La cinesina mitotica bidirezionale-5 Cin8 si accumula in ammassi che si dividono e si fondono durante la loro motilità. L’accumulo negli ammassi cambia anche la velocità e la direzionalità di Cin8. Qui viene descritto un protocollo per saggi di motilità con Cin8-GFP purificato e analisi delle proprietà mobili di singole molecole e cluster di Cin8.

Abstract

I motori mitotici bipolari kinesin-5 svolgono funzioni essenziali nella dinamica del mandrino. Questi motori presentano una struttura omo-tetramerica con due coppie di domini motori catalitici, situati alle estremità opposte del complesso attivo. Questa architettura unica consente ai motori kinesin-5 di reticolare e far scorrere i microtubuli antiparallelo del mandrino (MT), fornendo così la forza diretta verso l’esterno che separa i poli del mandrino. In precedenza, si riteneva che i motori kinesin-5 fossero esclusivamente diretti verso il plus-end. Tuttavia, studi recenti hanno rivelato che diversi motori fungini kinesin-5 sono meno diretti a livello di singola molecola e possono cambiare direzionalità in varie condizioni sperimentali. Il Saccharomyces cerevisiae kinesin-5 Cin8 è un esempio di tale proteina motoria bidirezionale: in condizioni di elevata forza ionica singole molecole di Cin8 si muovono nella direzione meno-estremità delle MT. È stato anche dimostrato che Cin8 forma ammassi mobili, prevalentemente all’estremità negativa delle MT, e tale clustering consente a Cin8 di cambiare direzionalità e subire una motilità lenta e diretta plus-end.

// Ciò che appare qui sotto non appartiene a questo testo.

(* Let $(\mathcal C,\mathcal D,O,\vec z,v)$ be a configuration for $(F,f)$, let $C$ be a PB constraint, and suppose there is a substitution $\omega$ such that $$\mathcal C\cup\mathcal D\cup\{f\le v-1\}\cup\{\neg C\}\ \vdash\ (\mathcal C\cup\mathcal D\cup\{C\})|_\omega\ \cup\ \{f|_\omega\le f\}\ \cup\ O(\vec z|_\omega,\vec z).$$ If $(\mathcal C,\mathcal D,O,\vec z,v)$ is weakly valid, then $(\mathcal C,\mathcal D\cup\{C\},O,\vec z,v)$ is weakly valid; if it is valid, then $(\mathcal C,\mathcal D\cup\{C\},O,\vec z,v)$ is valid.
   Context: Boolean variables take values in $\{0,1\}$; a literal is a variable $x$ or $\bar x=1-x$. A PB constraint is $C:\ \sum_i a_i\ell_i\ge A$ with integer $a_i,A$; its negation $\neg C$ is $\sum_i -a_i\ell_i\ge -A+1$. A total assignment $\alpha$ satisfies $C$ if $\sum_i a_i\alpha(\ell_i)\ge A$. A PB formula is a finite set of PB constraints. A substitution $\omega$ maps variables to literals or to $\{0,1\}$ (identity outside its domain, extended to literals by $\omega(\bar x)=\overline{\omega(x)}$); $C|_\omega$ replaces each $\ell_i$ by $\omega(\ell_i)$, $G|_\omega=\{D|_\omega: D\in G\}$, and for a total assignment $\alpha$, $\alpha\circ\omega$ is $x\mapsto\alpha(\omega(x))$. An objective is $f=\sum_i w_i\ell_i$ with integer $w_i$; $f|_\omega=\sum_i w_i\omega(\ell_i)$; $f\le k$ and $f|_\omega\le f$ are read as PB constraints, and for $k=\infty$ the constraints $f\le\infty$, $f\le\infty-1$ are trivially true (empty). $G\vdash D$ means $D$ is derivable from $G$ in the cutting planes system (axioms from $G$, literal axioms $\ell\ge0$, positive integer linear combinations, division of a constraint with nonnegative coefficients by a positive integer rounding coefficients and degree up), where additionally $G\vdash D$ whenever $0\ge1$ is so derivable from $G\cup\{\neg D\}$; $G\vdash H$ for a set $H$ means $G\vdash D$ for all $D\in H$. This derivability is sound (every total assignment satisfying $G$ satisfies $D$). A preorder encoding is a PB formula $O(\vec u,\vec v)$ over two lists of $n$ placeholder variables with a list $\vec z=(z_1,\dots,z_n)$ of variables, such that $\alpha\preceq\beta$ iff $O(\vec z|_\alpha,\vec z|_\beta)$ is true is reflexive and transitive; here $O(\vec z|_\alpha,\vec z|_\beta)$ is $O$ with $u_i$ replaced by $\alpha(z_i)$ and $v_i$ by $\beta(z_i)$, so $O(\vec z|_\omega,\vec z)$ replaces $u_i$ by $\omega(z_i)$ and $v_i$ by $z_i$. $\alpha\preceq_f\beta$ iff $\alpha\preceq\beta$ and $f(\alpha)\le f(\beta)$. Fix input $F$ and objective $f$. A configuration $(\mathcal C,\mathcal D,O,\vec z,v)$ has PB sets $\mathcal C,\mathcal D$, a preorder encoding, and $v\in\mathbb Z\cup\{\infty\}$. It is weakly valid if (1) for every integer $v'<v$, satisfiability of $F\cup\{f\le v'\}$ implies satisfiability of $\mathcal C\cup\{f\le v'\}$; (2) every total $\rho$ satisfying $\mathcal C\cup\{f\le v-1\}$ admits a total $\rho'\preceq_f\rho$ satisfying $\mathcal C\cup\mathcal D\cup\{f\le v-1\}$. It is valid if also (3) $v<\infty$ implies $F\cup\{f\le v\}$ satisfiable; (4) for every integer $v'<v$, satisfiability of $\mathcal C\cup\{f\le v'\}$ implies satisfiability of $F\cup\{f\le v'\}$. *)

From Stdlib Require Import ZArith List.
Import ListNotations.
Open Scope Z_scope.

Definition var := nat.

Inductive lit (V : Type) := Pos (x : V) | Neg (x : V).
Arguments Pos {V} x.
Arguments Neg {V} x.
(* Let $B\ge 1$ be an integer and let $x,y\in[0,1]$. Define $s(x)=\mathrm{round}(Bx)\in\{0,1,\dots,B\}$ (rounding to the nearest integer), and let $\boldsymbol{\phi}(x)\in\{0,1\}^{2B}$ be the binary vector whose coordinates $s(x), s(x)+1,\dots,s(x)+B-1$ (coordinates indexed $0,\dots,2B-1$) equal $1$ and all other coordinates equal $0$; define $s(y)$ and $\boldsymbol{\phi}(y)$ in the same way. Let $t:=|x-y|$, $t_-:=\max\{0,\,t-\tfrac1B\}$ and $t_+:=\min\{1,\,t+\tfrac1B\}$. Then $$\frac{2t_-}{1+t_-}\;\le\; d_J(\boldsymbol{\phi}(x),\boldsymbol{\phi}(y))\;\le\;\frac{2t_+}{1+t_+}.$$
   Context: For binary vectors $\mathbf{a},\mathbf{b}\in\{0,1\}^{m}$ with supports $A=\{k:a_k=1\}$ and $C=\{k:b_k=1\}$ (not both empty), the Jaccard distance is $d_J(\mathbf{a},\mathbf{b})=1-\frac{|A\cap C|}{|A\cup C|}$. The map $\boldsymbol{\phi}$ is the ''Binary Encoding with Padding'' of a numerical value scaled to $[0,1]$: a contiguous block of $B$ ones placed inside a vector of length $2B$ at an offset proportional to the value. *)

From mathcomp Require Import all_boot all_order all_algebra.
From mathcomp Require Import reals.

Import Order.TTheory GRing.Theory Num.Theory.
Local Open Scope ring_scope.

(* Jaccard distance of binary vectors a b in {0,1}^m, via their supports.
   (Only meaningful when the supports are not both empty.) *)
Definition jaccard (R : realType) {m : nat} (a b : 'I_m -> bool) : R :=
  let A := [set k | a k] in
  let C := [set k | b k] in
  1 - (#|A :&: C|%:R / #|A :|: C|%:R).

(* round to nearest integer, ties rounded up: floor(z + 1/2) *)
Definition round_nearest {R : realType} (z : R) : int := Num.floor (z + 2^-1).

Definition bep_shift {R : realType} (B : nat) (x : R) : int :=
  round_nearest (B%:R * x).

Definition bep {R : realType} (B : nat) (x : R) : 'I_(2 * B) -> bool :=
  fun k => (bep_shift B x <= (k : nat)%:Z) && ((k : nat)%:Z < bep_shift B x + B%:Z).

(* Both encodings are windows of B consecutive ones in a vector of length 2B.
   Windows whose offsets differ by D share B - D coordinates and cover B + D,
   so d_J = 2u/(1+u) with u = D/B.  Rounding moves each offset by at most 1/2,
   hence |u - t| <= 1/B, and the bounds follow since u |-> 2u/(1+u) is
   increasing on [0, oo). *)
From mathcomp Require Import all_boot all_order all_algebra.
From mathcomp Require Import reals.
From mathcomp Require Import zify ring lra.
Set Implicit Arguments.
Unset Strict Implicit.
Unset Printing Implicit Defensive.

Import Order.TTheory GRing.Theory Num.Theory.
Local Open Scope ring_scope.

Definition jaccard_ratio (R : realType) (u : R) : R := (2 * u) / (1 + u).

Lemma jaccard_ratio_le (R : realType) (a b : R) :
  0 <= a -> a <= b -> jaccard_ratio a <= jaccard_ratio b.
Proof.
move=> a0 ab; have a1 : 0 < 1 + a by lra.
have b1 : 0 < 1 + b by lra.
by rewrite /jaccard_ratio ler_pdivrMr // mulrAC ler_pdivlMr //; nra.
Qed.

Lemma eq_jaccard (R : realType) m (a a' b b' : 'I_m -> bool) :
  a =1 a' -> b =1 b' -> jaccard R a b = jaccard R a' b'.
Proof. by move=> /eq_finset eqa /eq_finset eqb; rewrite /jaccard eqa eqb. Qed.

Lemma card_ord_itv n lo hi : (hi <= n)%N ->
  #|[set k : 'I_n | (lo <= k < hi)%N]| = (hi - lo)%N.
Proof.
move=> hi_n; have [lo_hi | hi_lo] := leqP lo hi; last first.
  have -> : (hi - lo = 0)%N by lia.
  by apply/eqP; rewrite cards_eq0; apply/eqP/setP => k; rewrite !inE; lia.
rewrite -sum1_card (eq_bigl (fun k : 'I_n => (lo <= k < hi)%N)) => [|k]; last first.
  by rewrite inE.
rewrite -(big_mkord (fun k => (lo <= k < hi)%N) (fun _ => 1%N)).
rewrite -(big_nat_widen 0 hi n (fun k => (lo <= k)%N)) //.
rewrite (eq_bigl (fun i => predT i && (lo <= i)%N)) // -(big_nat_widenl lo 0) //.
by rewrite big_mkcond /= sum_nat_const_nat muln1.
Qed.

Section Windows.

Variables (m B : nat).

Definition window (a : nat) : {set 'I_m} := [set k : 'I_m | (a <= k < a + B)%N].

Lemma card_window a : (a + B <= m)%N -> #|window a| = B.
Proof. by move=> aB; rewrite card_ord_itv ?addKn. Qed.

Lemma window_setI a c :
  window a :&: window c = [set k : 'I_m | (maxn a c <= k < minn a c + B)%N].
Proof.
by apply/setP => k; rewrite !inE; apply/idP/idP; lia.
Qed.

Variables (a c : nat).
Hypotheses (aB : (a + B <= m)%N) (cB : (c + B <= m)%N).

Lemma card_window_setI : #|window a :&: window c| = (B - `|a - c|)%N.
Proof. by rewrite window_setI card_ord_itv; lia. Qed.

Lemma card_window_setU : (`|a - c| <= B)%N ->
  #|window a :|: window c| = (B + `|a - c|)%N.
Proof.
move=> dB; have := cardsUI (window a) (window c).
by rewrite card_window_setI !card_window //; lia.
Qed.

Lemma jaccard_window (R : realType) : (0 < B)%N -> (`|a - c| <= B)%N ->
  jaccard R (fun k : 'I_m => (a <= k < a + B)%N)
            (fun k : 'I_m => (c <= k < c + B)%N) =
  jaccard_ratio (`|a - c|%N%:R / B%:R).
Proof.
move=> B_gt0 dB; rewrite /jaccard -/(window a) -/(window c).
rewrite card_window_setI card_window_setU //.
rewrite /jaccard_ratio natrB // natrD; field.
by rewrite -natrD !pnatr_eq0; lia.
Qed.

End Windows.

Lemma round_nearest_dist (R : realType) (z : R) :
  `|(round_nearest z)%:~R - z| <= 2^-1.
Proof.
have /andP[lo hi] := floor_itv (z + 2^-1).
by rewrite /round_nearest ler_norml; rewrite intrD in hi; apply/andP; split; lra.
Qed.

Lemma round_nearest_nat (R : realType) (z : R) (n : nat) : 0 <= z <= n%:R ->
  exists2 k : nat, round_nearest z = k%:Z & (k <= n)%N.
Proof.
move=> /andP[z0 zn].
have r0 : 0 <= round_nearest z by rewrite floor_ge0; lra.
have rn : round_nearest z <= n%:Z.
  by rewrite -ltzD1 floor_lt_int intrD; lra.
by case: (round_nearest z) r0 rn => // k _ kn; exists k.
Qed.

Lemma bep_window (R : realType) (B : nat) (x : R) (n : nat) :
  bep_shift B x = n%:Z -> bep B x =1 (fun k => (n <= k < n + B)%N).
Proof. by move=> sx k; rewrite /bep sx lez_nat -PoszD ltz_nat. Qed.

Lemma dist_rounded_offsets (R : realType) (B : nat) (x y : R) (a c : nat) :
  (0 < B)%N -> round_nearest (B%:R * x) = a%:Z -> round_nearest (B%:R * y) = c%:Z ->
  `| `|a - c|%N%:R / B%:R - `|x - y| | <= B%:R^-1.
Proof.
move=> B_gt0 sx sy.
have ax := round_nearest_dist (B%:R * x); rewrite sx in ax.
have cy := round_nearest_dist (B%:R * y); rewrite sy in cy.
have Bpos : (0 : R) < B%:R by rewrite ltr0n.
have -> : `|a - c|%N%:R = `|a%:R - c%:R| :> R.
  by rewrite natr_absz intr_norm rmorphB.
have -> : `|a%:R - c%:R| / B%:R - `|x - y| =
          (`|a%:R - c%:R| - `|B%:R * (x - y)|) / B%:R.
  by rewrite normrM (gtr0_norm Bpos); field; rewrite gt_eqF.
rewrite normrM normfV (gtr0_norm Bpos) -[leRHS]mul1r ler_pM2r ?invr_gt0 //.
apply: le_trans (ler_dist_dist _ _) _.
have -> : a%:R - c%:R - B%:R * (x - y) =
          (a%:R - B%:R * x) - (c%:R - B%:R * y) :> R by ring.
by apply: le_trans (ler_normB _ _) _; lra.
Qed.

Lemma near_itv_bounds (R : realType) (u t e : R) : 0 <= u <= 1 ->
  `|u - t| <= e -> Num.max 0 (t - e) <= u <= Num.min 1 (t + e).
Proof.
move=> /andP[u0 u1]; rewrite ler_norml => /andP[lo hi].
by rewrite ge_max le_min u0 u1 /=; apply/andP; split; lra.
Qed.

Theorem lemma3p1 (R : realType) (B : nat) (x y : R) :
  (1 <= B)%N -> 0 <= x <= 1 -> 0 <= y <= 1 ->
  let t : R := `|x - y| in
  let tm : R := Num.max 0 (t - (B%:R)^-1) in
  let tp : R := Num.min 1 (t + (B%:R)^-1) in
  (2 * tm) / (1 + tm) <= jaccard R (bep B x) (bep B y) <= (2 * tp) / (1 + tp).
Proof.
move=> B_gt0 hx hy /=.
have scaled (z : R) : 0 <= z <= 1 -> 0 <= B%:R * z <= B%:R.
  by move=> /andP[z0 z1]; rewrite mulr_ge0 //= ler_piMr.
have [a sx aB] := round_nearest_nat (scaled x hx).
have [c sy cB] := round_nearest_nat (scaled y hy).
rewrite (eq_jaccard R (bep_window sx) (bep_window sy)) jaccard_window; try lia.
set u := `|a - c|%N%:R / B%:R.
have u01 : 0 <= u <= 1.
  by rewrite divr_ge0 //= ler_pdivrMr ?ltr0n // mul1r ler_nat; lia.
have ut := dist_rounded_offsets B_gt0 sx sy.
have /andP[tm_u u_tp] := near_itv_bounds u01 ut.
have /andP[u0 _] := u01.
by apply/andP; split; apply: jaccard_ratio_le; rewrite ?le_max ?lexx.
Qed.
(* Let $M\in\mathbb{N}$, $r\in\{1,\dots,M\}$, let $C\in\mathbb{R}^{M\times M}$ have singular values $\lambda_1\ge\dots\ge\lambda_M$, let $E\in\mathbb{R}^{M\times M}$ be any matrix with largest singular value $\sigma_1$, and let $\pi_r\in\mathcal{S}_{M,r}$ maximize $\|\tilde\pi_r C\|_{S_2}$ over $\mathcal{S}_{M,r}$. Define for $\tilde\pi_r\in\mathcal{S}_{M,r}$ $$Z^1_{\tilde\pi_r}:=\|\tilde\pi_r C\|_{S_2}^2-\|\pi_r C\|_{S_2}^2+2\operatorname{tr}\big(E^T(\tilde\pi_r-\pi_r)C\big).$$ Then $\sup_{\tilde\pi_r\in\mathcal{S}_{M,r}}Z^1_{\tilde\pi_r}\le\min(\mathrm{I}',\mathrm{II}',\mathrm{III}')$, where $$\mathrm{I}'=4r_M\lambda_1\sigma_1,$$ $$\mathrm{II}'=4r_M\frac{\lambda_1^2}{\lambda_r^2-\lambda_{r+1}^2}\sigma_1^2\ \text{ if }\lambda_r>\lambda_{r+1},\qquad \mathrm{II}'=\infty\ \text{ if }\lambda_r=\lambda_{r+1},$$ $$\mathrm{III}'=\max\Big(4\sqrt{r_M\Delta_r}\,\frac{\lambda_1}{\lambda_r}\sigma_1,\ 8r_M\frac{\lambda_1^2}{\lambda_r^2}\sigma_1^2\Big)\ \text{ if }\lambda_r>0,\qquad \mathrm{III}'=\infty\ \text{ if }\lambda_r=0.$$
   Context: $\mathcal{S}_{M,r}$ denotes the set of all orthogonal projections of rank $r$ onto subspaces of $\mathbb{R}^M$. $r_M:=\min(r,M-r)$, $\Delta_r:=\sum_{i=r+1}^{2r}\lambda_i^2$ with the convention $\lambda_i:=0$ for $i>M$. $\|\cdot\|_{S_2}$ is the Hilbert–Schmidt norm. *)

From HB Require Import structures.
From mathcomp Require Import all_boot all_order all_algebra.
Set Implicit Arguments. Unset Strict Implicit. Unset Printing Implicit Defensive.
Import Order.TTheory GRing.Theory Num.Theory.
Local Open Scope ring_scope.

Section Defs.
Variable R : rcfType.

(* 1-based access to a list of singular values, with lam_ s i = 0 for i > size s *)
Definition lam_ (s : seq R) (i : nat) : R := nth 0 s i.-1.

Definition is_svals (M : nat) (C : 'M[R]_M) (s : seq R) : Prop :=
  [/\ size s = M, sorted (fun x y => y <= x) s, all (fun x => 0 <= x) s &
   exists U V : 'M[R]_M,
     [/\ U^T *m U = 1%:M, V^T *m V = 1%:M &
         C = U *m diag_mx (\row_(i < M) s`_i) *m V^T]].

Definition is_orth_proj (M r : nat) (P : 'M[R]_M) : Prop :=
  [/\ P^T = P, P *m P = P & \rank P = r].

Definition hs2 (M : nat) (A : 'M[R]_M) : R := \tr (A^T *m A).

Definition Delta (s : seq R) (r : nat) : R :=
  \sum_(r.+1 <= i < (2 * r).+1) lam_ s i ^+ 2.

Definition Z1 (M : nat) (C E P pi : 'M[R]_M) : R :=
  hs2 (P *m C) - hs2 (pi *m C) + 2 * \tr (E^T *m (P - pi) *m C).

End Defs.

Questo articolo fornisce un protocollo dettagliato per tutte le fasi di lavoro con kinesin-5 Cin8 con tag GFP, dalla sovraespressione proteica nelle cellule di S. cerevisiae e la sua purificazione al saggio di motilità a singola molecola in vitro . Un metodo di nuova concezione qui descritto aiuta a distinguere tra singole molecole e cluster di Cin8, in base alla loro intensità di fluorescenza. Questo metodo consente un’analisi separata della motilità di singole molecole e cluster di Cin8, fornendo così la caratterizzazione della dipendenza della motilità di Cin8 dalla sua dimensione del cluster.

Introduction

Un gran numero di eventi di motilità all’interno delle cellule eucariotiche sono mediati dalla funzione delle proteine motorie molecolari. Questi motori si muovono lungo i filamenti citoscheletrici, i filamenti di actina e i microtubuli (MT) e convertono l’energia chimica dell’idrolisi dell’ATP in forze cinetiche e meccaniche necessarie per guidare la motilità biologica all’interno delle cellule. La S. cerevisiae Cin8 basata su MT è una proteina motoria bipolare omotetramerica kinesin-5 che reticola e fa scorrere le MT a parte1. Cin8 svolge funzioni essenziali durante la mitosi, nell’assemblaggio del mandrino 2,3,4 e nell’allungamento del mandrino durante l’anafase 5,6,7. In precedenza, era stato dimostrato che Cin8 è un motore bidirezionale, che commuta la direzionalità in diverse condizioni sperimentali. Ad esempio, in condizioni di elevata resistenza ionica, i singoli motori Cin8 si muovono verso l’estremità negativa degli MT, mentre nei cluster, nei saggi di scorrimento MT multimotore e tra GLI MT antiparallelo, i motori Cin8 si muovono principalmente verso le estremità più degli MT 8,9,10,11,12 . Questi risultati sono stati altamente inaspettati a causa di diversi motivi. In primo luogo, Cin8 porta il suo dominio motorio catalitico all’ammino-terminale e tali motori erano precedentemente ritenuti esclusivamente diretti verso il plus-end, mentre Cin8 ha dimostrato di essere minus-end diretto a livello di singola molecola. In secondo luogo, si credeva che i motori kinesin fossero unidirezionali, diretti meno-end o plus-end, mentre Cin8 si è dimostrato bidirezionale, a seconda delle condizioni sperimentali. Infine, a causa dell’orientamento MT al mandrino mitotico, il ruolo classico dei motori kinesin-5 nella separazione dei poli del mandrino durante l’assemblaggio del mandrino e l’anafase B potrebbe essere spiegato solo dalla loro motilità diretta plus-end sugli MT che reticolano 1,13. A seguito dei primi rapporti sulla bidirezionalità di Cin8, alcuni altri motori kinesin sono stati dimostrati bidirezionali 14,15,16, indicando che la motilità bidirezionale dei motori kinesin potrebbe essere più comune di quanto si credesse in precedenza.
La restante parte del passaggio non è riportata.